A talhe de foice
Por Machado da Graça
O Presidente da República foi ao Parlamento fazer o seu último discurso sobre o estado da nação no presente mandato.
No essencial tratou-se de mais um acto de pré-campanha eleitoral, dado que há cerca de 6 meses tinha já apresentado o anterior e só em Dezembro deveria ser apresentado o próximo por ele ou por qualquer outro cidadão que vença as eleições presidenciais deste ano.
Mas passemos adiante esse aspecto e olhemos para esta ida de Armando Guebuza à Assembleia da República.
Nela podemos encontrar aspectos positivos e negativos.
Entre os positivos, e não é pequena coisa, o tom calmo e delicado em que falou aos deputados.
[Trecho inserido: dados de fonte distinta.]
(* Let $(H,A,C)$ be a Doi-Hopf datum in which $H$ is a Hopf algebra, and let $\nu: GF\to 1_{\mathcal C}$ be a natural transformation, where $\mathcal C={}^C\mathcal M(H)_A$. Write $\nu:=\nu_{C\otimes A}: C\otimes C\otimes A\to C\otimes A$ (here $C\otimes A=G(A)$ and $C\otimes C\otimes A=GFG(A)$). Then for all $a,b\in A$ and $c,d\in C$: (i) $\nu(c\otimes d\otimes ba)=b\cdot \nu(c\otimes d\otimes a)$, where $b\cdot(c'\otimes a')=c'\otimes ba'$; (ii) writing $\theta_{d'}:=(\varepsilon_C\otimes I_A)\nu(c\otimes d'\otimes 1_A)\in A$, one has $$\sum d_{(2)}\cdot (\theta_{d_{(1)}})_{<-1>}\otimes (\theta_{d_{(1)}})_{<0>}=\nu(c\otimes d\otimes 1_A).$$
   Context: $k$ is a commutative ring; all (co)algebras, tensor products and maps are over $k$. Sweedler notation: $\Delta(c)=\sum c_{(1)}\otimes c_{(2)}$; for a left comodule, $\rho(m)=\sum m_{<-1>}\otimes m_{<0>}$, iterated as $\sum m_{<-2>}\otimes m_{<-1>}\otimes m_{<0>}$. A Doi-Hopf datum $(H,A,C)$ consists of a bialgebra $H$; a left $H$-comodule algebra $A$ (an algebra with a left $H$-coaction $\rho_A$ that is an algebra map); and a right $H$-module coalgebra $C$ (a coalgebra with a right $H$-action $c\cdot h$ such that $\Delta(c\cdot h)=\sum c_{(1)}\cdot h_{(1)}\otimes c_{(2)}\cdot h_{(2)}$ and $\varepsilon(c\cdot h)=\varepsilon(c)\varepsilon(h)$). $C$ is assumed flat over $k$. A Doi-Hopf module is a right $A$-module $M$ with a left $C$-coaction $\rho_M$ such that $\rho_M(ma)=\sum m_{<-1>}\cdot a_{<-1>}\otimes m_{<0>}a_{<0>}$; $\mathcal C={}^C\mathcal M(H)_A$ denotes the category of Doi-Hopf modules with $A$-linear $C$-colinear maps. $F:\mathcal C\to\mathcal M_A$ forgets the coaction; its right adjoint $G:\mathcal M_A\to\mathcal C$ is $G(N)=C\otimes N$ with $(c\otimes n)a=\sum c\cdot a_{<-1>}\otimes na_{<0>}$ and $\rho(c\otimes n)=\sum c_{(1)}\otimes c_{(2)}\otimes n$. The unit of the adjunction is $\rho_M:M\to C\otimes M$ (the coaction). In particular $C\otimes C\otimes A$ has action $(c\otimes d\otimes b)a=\sum c\cdot a_{<-2>}\otimes d\cdot a_{<-1>}\otimes ba_{<0>}$ and coaction $c\otimes d\otimes b\mapsto \sum c_{(1)}\otimes c_{(2)}\otimes d\otimes b$. *)

From HB Require Import structures.
From mathcomp Require Import all_boot all_algebra.
From mathcomp Require Import boolp.
Set Implicit Arguments. Unset Strict Implicit. Unset Printing Implicit Defensive.
Import GRing.Theory.
Local Open Scope ring_scope.
Local Open Scope quotient_scope.

Section Tensor.
Variables (R : comPzRingType) (U V : lmodType R).

Definition bilinear_map (W : lmodType R) (f : U -> V -> W) : Prop :=
  (forall v a x y, f (a *: x + y) v = a *: f x v + f y v) /\
  (forall u a x y, f u (a *: x + y) = a *: f u x + f u y).

Definition tsum (W : lmodType R) (f : U -> V -> W) (s : seq (U * V)) : W :=
  \sum_(p <- s) f p.1 p.2.

Definition teqv (s t : seq (U * V)) : bool :=
  `[< forall (W : lmodType R) (f : U -> V -> W), bilinear_map f -> tsum f s = tsum f t >].
(* Let $\mathcal{L}$ be a triangulation with branching structure of a closed 3-manifold $\mathcal{M}^3$, carrying three copies of the $\mathbb{Z}_2$ toric code as described in the context. Let $\alpha_2$ be a 2-cycle of $\mathcal{L}$ (a set of triangles forming a $\mathbb{Z}_2$-cycle) and let $i\neq j\in\{1,2,3\}$. Define $$U'_{i,j}(\alpha_2)=\prod_{[v_0v_1v_2]\in\alpha_2}\mathrm{CZ}\big(q^{(i)}_{[v_0v_1]},q^{(j)}_{[v_1v_2]}\big)=(-1)^{\int_{\alpha_2}a^{(i)}\cup a^{(j)}}.$$ Then $U'_{i,j}(\alpha_2)$ preserves the code space, and on it $$U'_{i,j}(\alpha_2)=\prod_{\beta^1,\gamma^1\in B^1}\overline{\mathrm{CZ}}\big[(\beta^1;i),(\gamma^1;j)\big]^{\int_{\mathcal{M}^3}\alpha^1\cup\beta^1\cup\gamma^1},$$ where $\alpha^1\in H^1(\mathcal{M}^3;\mathbb{Z}_2)$ is the Poincaré dual of $[\alpha_2]$.
   Context: Toric code copy $k$: one qubit $q^{(k)}_e$ per edge; $X$-stabilizers $\prod_{e\ni v}X^{(k)}_e$ on vertices; $Z$-stabilizers $\prod_{e\subset f}Z^{(k)}_e$ on triangles. The $\{0,1\}$-valued operator cochain $a^{(k)}$ satisfies $(-1)^{a^{(k)}(e)}=Z^{(k)}_e$; cup products on ordered simplices are $(\alpha\cup\beta)([v_0v_1v_2])=\alpha([v_0v_1])\beta([v_1v_2])$, with $v_0\prec v_1\prec v_2$ from the branching structure. On the code space $da^{(k)}=0$. Fix a basis $B^1$ of $H^1(\mathcal{M}^3;\mathbb{Z}_2)$; writing $[a^{(k)}]=\sum_{\beta}m^{(k)}_\beta\beta^1$, the logical qubit $(\beta^1;k)$ has computational basis value $m^{(k)}_\beta\in\{0,1\}$, and $\overline{\mathrm{CZ}}[(\beta^1;i),(\gamma^1;j)]$ acts as $(-1)^{m^{(i)}_\beta m^{(j)}_\gamma}$. *)

From HB Require Import structures.
From mathcomp Require Import all_boot all_order all_algebra all_field.
Set Implicit Arguments. Unset Strict Implicit. Unset Printing Implicit Defensive.
Import GRing.Theory Num.Theory.

Section Defs.
Variable V : finType.
Implicit Types (K L : {set {set V}}) (br : rel V).

Definition simplicial_complex K : bool :=
  [forall s in K, (s != set0) &&
     [forall t : {set V}, ((t \subset s) && (t != set0)) ==> (t \in K)]].

Definition all_vertices K : bool := [forall v : V, [set v] \in K].

Definition nsimplices K (k : nat) : {set {set V}} := [set s in K | #|s| == k.+1].

Definition pure K (d : nat) : bool :=
  [forall s in K, (#|s| <= d.+1) && [exists t in K, (#|t| == d.+1) && (s \subset t)]].

Definition link K (v : V) : {set {set V}} :=
  [set s in K | (v \notin s) && ((v |: s) \in K)].
Lemma Gminus_le_Gplus (j : nat) :
  (forall u, ex_derive (Derive U) u) -> (forall u, 0 < Derive (Derive U) u) ->
  Gminus j <= Gplus j.
Proof.
intros HdU HpU; unfold Gminus, Gplus, fhatD, fhat, fhatC, ventr.
set (um := trm a b N uh j); set (up := trp a b N uh j).
pose proof (alphaLF_nonneg f um up).
pose proof (increasing_diff_mul_nonneg (Derive U) (Derive (Derive U))
  (fun x => Derive_correct _ _ (HdU x)) HpU um up).
nra.
Qed.

Lemma cell_entropy_estimate (k : nat) (c0 C : R) (vh du : nat -> R -> R) (i : nat) :
  (1 <= N)%nat -> (i < N)%nat ->
  IsGLInterp a b N k U uh vh -> NOES_DG a b N k f F U c0 C uh vh du ->
  Fcell a b N f F uh vh i <= Defs.sigma a b N k f F U c0 C uh vh i * Ecell a b N U uh vh i ->
  RInt (fun x => du i x * vh i x) (xL a b N i) (xR a b N i) <= Gminus i - Gplus (prv N i).
Proof.
intros HN Hi Hvh Hs HF.
assert (Htrp : trp a b N uh (prv N i) = uh i (xL a b N i))
  by (unfold trp; rewrite nxt_prv; auto).
rewrite (Hs vh (proj1 Hvh) i Hi).
unfold Fcell, Ecell in HF; unfold Gminus, Gplus, fhatD, fhat, fhatC in *.
rewrite Htrp in *; unfold trm in *.
rewrite (GLinterp_xR a b N k U uh vh Hvh i Hi), (GLinterp_xL a b N k U uh vh Hvh i Hi) in *.
lra.
Qed.

End InterfaceFluxes.
(* Consider the $K$-class $N$-agent system and mean-field model described in the context, with constants $M_R,L_R,L_P,L_Q>0$ and discount factor $\gamma\in[0,1)$. Let $\mathbf{x}_0^{\mathbf{N}}$ be given (deterministic) initial states of all agents and $\boldsymbol{\mu}_0\in\mathcal{P}(\mathcal{X}\times[K])$ their empirical joint distribution. Define $S_R= M_R(1+L_Q)+L_R(2+L_Q)$, $S_P= (1+L_Q)+L_P(2+L_Q)$, $C_R= M_R+L_R$, $C_P= 2+L_P$. If $\gamma S_P<1$, then for every policy $\boldsymbol{\pi}\in\Pi$, $$\Big|v^{\mathbf{N}}(\mathbf{x}_0^{\mathbf{N}},\boldsymbol{\pi})-v^{\mathrm{MF}}(\boldsymbol{\mu}_0,\boldsymbol{\pi})\Big|\le \frac{C_R}{1-\gamma}\sqrt{|\mathcal{U}|}\,\frac{1}{N_{\mathrm{pop}}}\Big(\sum_{k\in[K]}\sqrt{N_k}\Big)+C_P\Big(\frac{S_R}{S_P-1}\Big)\sqrt{|\mathcal{X}||\mathcal{U}|}\,\frac{1}{N_{\mathrm{pop}}}\Big(\sum_{k\in[K]}\sqrt{N_k}\Big)\Big[\frac{1}{1-\gamma S_P}-\frac{1}{1-\gamma}\Big].$$
   Context: Fix integers $K\ge1$, $N_1,\dots,N_K\ge1$, write $[K]=\{1,\dots,K\}$, $N_{\mathrm{pop}}=\sum_{k}N_k$, $\mathbf{N}=(N_k)_k$, and let $\mathcal{X},\mathcal{U}$ be finite state and action sets. For a finite set $A$, $\mathcal{P}(A)$ is the set of probability distributions on $A$, and $|\cdot|_1$ is the $L_1$ norm. Agent $j\in[N_k]$ of class $k$ has state $x_{j,k}^{t}\in\mathcal{X}$ and action $u_{j,k}^{t}\in\mathcal{U}$ at time $t\in\{0,1,\dots\}$; $\mathbf{x}_t^{\mathbf{N}},\mathbf{u}_t^{\mathbf{N}}$ denote all states/actions at time $t$. Empirical joint distributions: $\boldsymbol{\mu}_t^{\mathbf{N}}(x,k)=\frac{1}{N_{\mathrm{pop}}}\sum_{j=1}^{N_k}\mathbf 1(x_{j,k}^t=x)$, $\boldsymbol{\nu}_t^{\mathbf{N}}(u,k)=\frac{1}{N_{\mathrm{pop}}}\sum_{j=1}^{N_k}\mathbf 1(u_{j,k}^t=u)$, elements of $\mathcal{P}(\mathcal{X}\times[K])$ and $\mathcal{P}(\mathcal{U}\times[K])$. For each $k$ there are a reward function $r_k:\mathcal{X}\times\mathcal{U}\times\mathcal{P}(\mathcal{X}\times[K])\times\mathcal{P}(\mathcal{U}\times[K])\to\mathbb{R}$ and a transition law $P_k:\mathcal{X}\times\mathcal{U}\times\mathcal{P}(\mathcal{X}\times[K])\times\mathcal{P}(\mathcal{U}\times[K])\to\mathcal{P}(\mathcal{X})$ such that for all $x,u,k,\boldsymbol\mu_1,\boldsymbol\mu_2,\boldsymbol\nu_1,\boldsymbol\nu_2$: $|r_k(x,u,\boldsymbol\mu_1,\boldsymbol\nu_1)|\le M_R$, $|r_k(x,u,\boldsymbol\mu_1,\boldsymbol\nu_1)-r_k(x,u,\boldsymbol\mu_2,\boldsymbol\nu_2)|\le L_R(|\boldsymbol\mu_1-\boldsymbol\mu_2|_1+|\boldsymbol\nu_1-\boldsymbol\nu_2|_1)$, $|P_k(x,u,\boldsymbol\mu_1,\boldsymbol\nu_1)-P_k(x,u,\boldsymbol\mu_2,\boldsymbol\nu_2)|_1\le L_P(|\boldsymbol\mu_1-\boldsymbol\mu_2|_1+|\boldsymbol\nu_1-\boldsymbol\nu_2|_1)$. A policy is $\boldsymbol\pi=\{\boldsymbol\pi_t\}_{t\ge0}$, $\boldsymbol\pi_t=(\pi_k^t)_{k\in[K]}$, with decision rules $\pi_k^t:\mathcal{X}\times\mathcal{P}(\mathcal{X}\times[K])\to\mathcal{P}(\mathcal{U})$. $\Pi$ is the set of policies with $|\pi_k^t(x,\boldsymbol\mu_1)-\pi_k^t(x,\boldsymbol\mu_2)|_1\le L_Q|\boldsymbol\mu_1-\boldsymbol\mu_2|_1$ for all $t,k,x,\boldsymbol\mu_1,\boldsymbol\mu_2$. Dynamics of the $\mathbf N$-agent system under $\boldsymbol\pi$: conditioned on $\mathbf{x}_t^{\mathbf{N}}$, actions are drawn independently across agents with $u_{j,k}^t\sim\pi_k^t(x_{j,k}^t,\boldsymbol\mu_t^{\mathbf N})$; conditioned on $\mathbf{x}_t^{\mathbf{N}},\mathbf{u}_t^{\mathbf{N}}$, next states are drawn independently across agents with $x_{j,k}^{t+1}\sim P_k(x_{j,k}^t,u_{j,k}^t,\boldsymbol\mu_t^{\mathbf N},\boldsymbol\nu_t^{\mathbf N})$. Empirical value: $v^{\mathbf N}(\mathbf x_0^{\mathbf N},\boldsymbol\pi)=\frac{1}{N_{\mathrm{pop}}}\sum_k\sum_{j=1}^{N_k}\mathbb E\big[\sum_{t\ge0}\gamma^t r_k(x_{j,k}^t,u_{j,k}^t,\boldsymbol\mu_t^{\mathbf N},\boldsymbol\nu_t^{\mathbf N})\big]$. Mean-field operators for $\boldsymbol\mu\in\mathcal P(\mathcal X\times[K])$ and a collection $\boldsymbol\pi=(\pi_k)_k$ of decision rules: $\nu^{\mathrm{MF}}(\boldsymbol\mu,\boldsymbol\pi)(u,k)=\sum_x\pi_k(x,\boldsymbol\mu)(u)\boldsymbol\mu(x,k)$; $P^{\mathrm{MF}}(\boldsymbol\mu,\boldsymbol\pi)(x',k)=\sum_{x,u}\boldsymbol\mu(x,k)\pi_k(x,\boldsymbol\mu)(u)P_k(x,u,\boldsymbol\mu,\nu^{\mathrm{MF}}(\boldsymbol\mu,\boldsymbol\pi))(x')$; $r_k^{\mathrm{MF}}(\boldsymbol\mu,\boldsymbol\pi)=\sum_{x,u}\boldsymbol\mu(x,k)\pi_k(x,\boldsymbol\mu)(u)r_k(x,u,\boldsymbol\mu,\nu^{\mathrm{MF}}(\boldsymbol\mu,\boldsymbol\pi))$. Mean-field value: with $\boldsymbol\mu_{t+1}=P^{\mathrm{MF}}(\boldsymbol\mu_t,\boldsymbol\pi_t)$, $v^{\mathrm{MF}}(\boldsymbol\mu_0,\boldsymbol\pi)=\sum_k\sum_{t\ge0}\gamma^t r_k^{\mathrm{MF}}(\boldsymbol\mu_t,\boldsymbol\pi_t)$. *)

From HB Require Import structures.
From mathcomp Require Import all_boot all_order all_algebra.
From mathcomp Require Import all_classical all_reals all_analysis.
Set Implicit Arguments. Unset Strict Implicit. Unset Printing Implicit Defensive.
Import Order.TTheory GRing.Theory Num.Theory numFieldNormedType.Exports.
Local Open Scope ring_scope.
Tom claramente oposto à insuportável arrogância com que a Primeira Ministra fala sempre naquela Casa.
De salientar que Guebuza nos poupou, desta vez, à afirmação de que “o estado da nação é bom!”.
Em segundo lugar tratou-se de um informe mais factual do que alguns dos anteriores. Sendo um prestar de contas sobre todo o mandato, conseguiu dar uma imagem do país que temos hoje e dos seus avanços nos últimos anos. Conseguiu demonstrar que o nosso país está a crescer e que esse crescimento, ao contrário do que muitas vezes se diz, está a chegar realmente à maioria da população, em termos da melhoria da sua vida.
Como seria de esperar, Armando Guebuza deu grande destaque, na sua intervenção, ao Fundo de Desenvolvimento de Iniciativas Locais, quanto a mim o principal trunfo do seu mandato. Aquilo que, na minha opinião, marcou, pela positiva, estes 5 anos de governo.
Mas não foi só isso. Muitas foram as realizações que o Chefe de Estado foi capaz de citar e que se reflectiram em benefícios palpáveis para os Moçambicanos. A ponte sobre o Zambeze pode servir de símbolo de todos esses benefícios.
Foi, nesse aspecto, um discurso de exposição da obra feita na maioria das áreas de governação.
Tudo isto são muitos e significativos aspectos das palavras de Armando Guebuza.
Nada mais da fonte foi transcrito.